El Vaticano es el país mejor urbanizado y decorado del mundo, tiene a Roma de supermercado y el récord del mundo en consumo de vino, con 54 litros anuales. Eso da mucha calidad de vida a sus 800 habitantes, incluido Pietro Parolin, secretario de Estado con larga trayectoria diplomática, que recibió a la vicepresidenta Carmen Calvo para oírle decir que España quiere un código penal en el que los delitos de abuso sexual a menores no prescriban, que se revisarán los bienes inmuebles que se apuntó la Iglesia y que no permitan que se entierre a Franco en la catedral de la Almudena cuya finalización corrió a cargo de los primeros gobiernos de Felipe González, lo que le fue agradecido con abucheos en su consagración del templo por el Papa Wojtyla, en 1993.

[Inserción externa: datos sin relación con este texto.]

Lemma twinless_excludes_submax : D = k + 3 -> {in I, forall y, deg e y < D} ->
  {in I, forall a, deg e a != D.-1}.
Proof.
move=> Dk3 no_twin a0 a0I; apply/eqP; rewrite Dk3 addnS /= => da0.
have heavy_lt : {in heavy, forall y, deg e y <= k + 2}.
  by move=> y /setIdP [yI _]; have := no_twin y yI; lia.
have a0H : a0 \in heavy by rewrite inE a0I da0 leqnn.
have tight2 : #|tight| = 2.
  have := double_surplus_heavy_le heavy_lt; have := degree_balance.
  have := surplus_le; have := card_tight_le2; rewrite Dk3 !addKn /=; lia.
have a0_tight : a0 \notin tight by rewrite inE da0; lia.
have W_le : {in nbhd a0 :&: I, forall w, deg e w <= k}.
  move=> w wW; have /setIP [a0w wI] := wW.
  have w_tight := tight_pair_isolated tight2 a0I a0_tight a0w.
  rewrite leqNgt; apply/negP => w_big.
  have wH : w \in heavy.
    by rewrite inE wI; move: w_tight; rewrite inE wI /=; lia.
  have dw : deg e w = deg e a0 by have := heavy_lt w wH; have /setIdP [_] := wH; lia.
  by move: a0w; rewrite (deg_inj_heavy wH a0H dw) nbhd_self.
have := shortfall_ge (subsetIr _ _) (deg_inj_inner_nbhd a0I) W_le.
have := deg_le_inner a0; have := degree_balance; have := surplus_le.
have := double_surplus_heavy_le heavy_lt; rewrite da0 Dk3 !addKn /=; nia.
Qed.

Lemma submaxless_excludes_twin : D = k + 3 -> {in I, forall a, deg e a != D.-1} ->
  {in I, forall y, deg e y < D}.
Proof.
move=> Dk3 no_submax y1 y1I; rewrite ltn_neqAle x_max andbT; apply/eqP => dy1.
have y1H : y1 \in heavy by rewrite inE y1I dy1 Dk3 leq_add2l.
have heavy_y1 : heavy \subset [set y1].
  apply/subsetP => y yH; have /setIdP [yI y_ge] := yH; rewrite inE.
  apply/eqP/(deg_inj_heavy yH y1H); rewrite dy1.
  by have := x_max y; have := no_submax y yI; lia.
have := sum_nat_subset (fun y => deg e y - k) heavy_y1; rewrite big_set1 dy1 Dk3 addKn.
have := degree_balance; have := surplus_le; rewrite Dk3 addKn /= => balance sur H3.
have y1_tight : y1 \notin tight by rewrite inE dy1 Dk3; lia.
have P_inj := deg_inj_inner_nbhd y1I.
have := deg_le_inner y1; rewrite dy1 Dk3 => P_ge.
have [tight2 | tight_lt2] := eqVneq #|tight| 2.
  have P_le : {in nbhd y1 :&: I, forall z, deg e z <= k}.
    move=> z zP; have /setIP [y1z zI] := zP.
    have := tight_pair_isolated tight2 y1I y1_tight y1z.
    by rewrite inE zI /=; have := twin_nbhd_deg_le y1I dy1 zP; lia.
  by have := shortfall_ge (subsetIr _ _) P_inj P_le; nia.
have := shortfall_ge_near (subsetIr _ _) P_inj (twin_nbhd_deg_le y1I dy1).
have := card_tight_le2; nia.
Qed.

Lemma maxdeg_neq : D != k + 3.
Proof.
apply/eqP => Dk3.
have no_submax : {in I, forall a, deg e a != D.-1}.
  have [/exists_inP [y1 y1I /eqP dy1] | /exists_inPn no_twin] :=
    boolP [exists y in I, deg e y == D].
    exact: twin_excludes_submax Dk3 y1I dy1.
  by apply: twinless_excludes_submax => // y yI; rewrite ltn_neqAle no_twin ?x_max.
have no_twin := submaxless_excludes_twin Dk3 no_submax.
have heavy_empty : {in heavy, forall y, deg e y <= k + 1}.
  by move=> y /setIdP [yI _]; have := no_twin y yI; have := no_submax y yI; lia.
have := double_surplus_heavy_le heavy_empty; have := degree_balance.
by have := surplus_le; have := card_tight_le2; rewrite Dk3 !addKn /=; lia.
Qed.

Lemma outer_subset_nbhd y : #|nbhd y :&: I| + k <= deg e y -> ~: I \subset nbhd y.
Proof.
move=> y_big; have out_sub : nbhd y :\: I \subset ~: I by rewrite setDE subsetIr.
have /eqP <- : nbhd y :\: I == ~: I.
  by rewrite eqEcard out_sub /=; move: y_big; rewrite -[deg e y](cardsID I (nbhd y)); lia.
exact: subsetDl.
Qed.

Lemma outer_other : D = k + 1 -> exists2 v, v \in ~: I & v != x.
Proof.
move=> Dk1; have x_out : x \in ~: I by rewrite in_setC nbhd_self.
have : 0 < #|~: I :\ x|.
  by move: (cardsD1 x (~: I)); rewrite x_out; have := maxdeg_add_outer; lia.
by case/card_gt0P => v /setD1P [vx vC]; exists v.
Qed.

Lemma card_tight_neq2 : D = k + 1 -> #|tight| != 2.
Proof.
move=> Dk1; apply/eqP => tight2.
have /card_gt1P [b [b' [bT b'T bb']]] : 1 < #|tight| by rewrite tight2.
have /setIdP [bI /eqP db] := bT; have /setIdP [b'I /eqP db'] := b'T.
have outer_b : ~: I \subset nbhd b.
  apply: outer_subset_nbhd; rewrite db addnC leq_add2l -(cards1 b').
  by apply/subset_leq_card/inner_nbhd_same_deg; rewrite // 1?eq_sym // db db'.
have outer_b' : ~: I \subset nbhd b'.
  apply: outer_subset_nbhd; rewrite db' addnC leq_add2l -(cards1 b).
  by apply/subset_leq_card/inner_nbhd_same_deg; rewrite // db db'.
have [v vC vx] := outer_other Dk1.
move: bI b'I; rewrite !in_nbhd => xb xb'.
have b'v : e b' v by rewrite -in_nbhd (subsetP outer_b').
have vb : e v b by rewrite e_sym -in_nbhd (subsetP outer_b).
have dxb : deg e x = deg e b by rewrite db Dk1.
by apply: (path3_deg_neq (adj_neq xb) _ _ xb' b'v vb dxb); rewrite eq_sym.
Qed.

Poco inquietará en El Vaticano lo que haga la Iglesia española con la momia de Franco, el dictador a quien tanto debe, al que legitimó su guerra como cruzada y entronizó bajo palio y del que recibió el regalo de una larga posguerra para que rigiera los usos de los hombres y de las mujeres con informes parroquiales al servicio de la policía, controlara los contenidos de los libros escolares y las revistas infantiles y juveniles, se enriqueciera con la educación privada y se situara bien en la sanidad. Ni el ejército debe tanto a Franco como la Iglesia si es verdad, como parece, que se ha democratizado en su modernización y, como es seguro, que cobra más que cuando España era un cuartel.

El franquismo fue tan católico que una parte cualitativamente importante del catolicismo sigue en el franquismo. Sus ideas más anacrónicas son difíciles de separar y sus reuniones y rituales son una fábrica de misas, lo que, en una Iglesia en retroceso, es un nicho que cuidar con una lápida céntrica.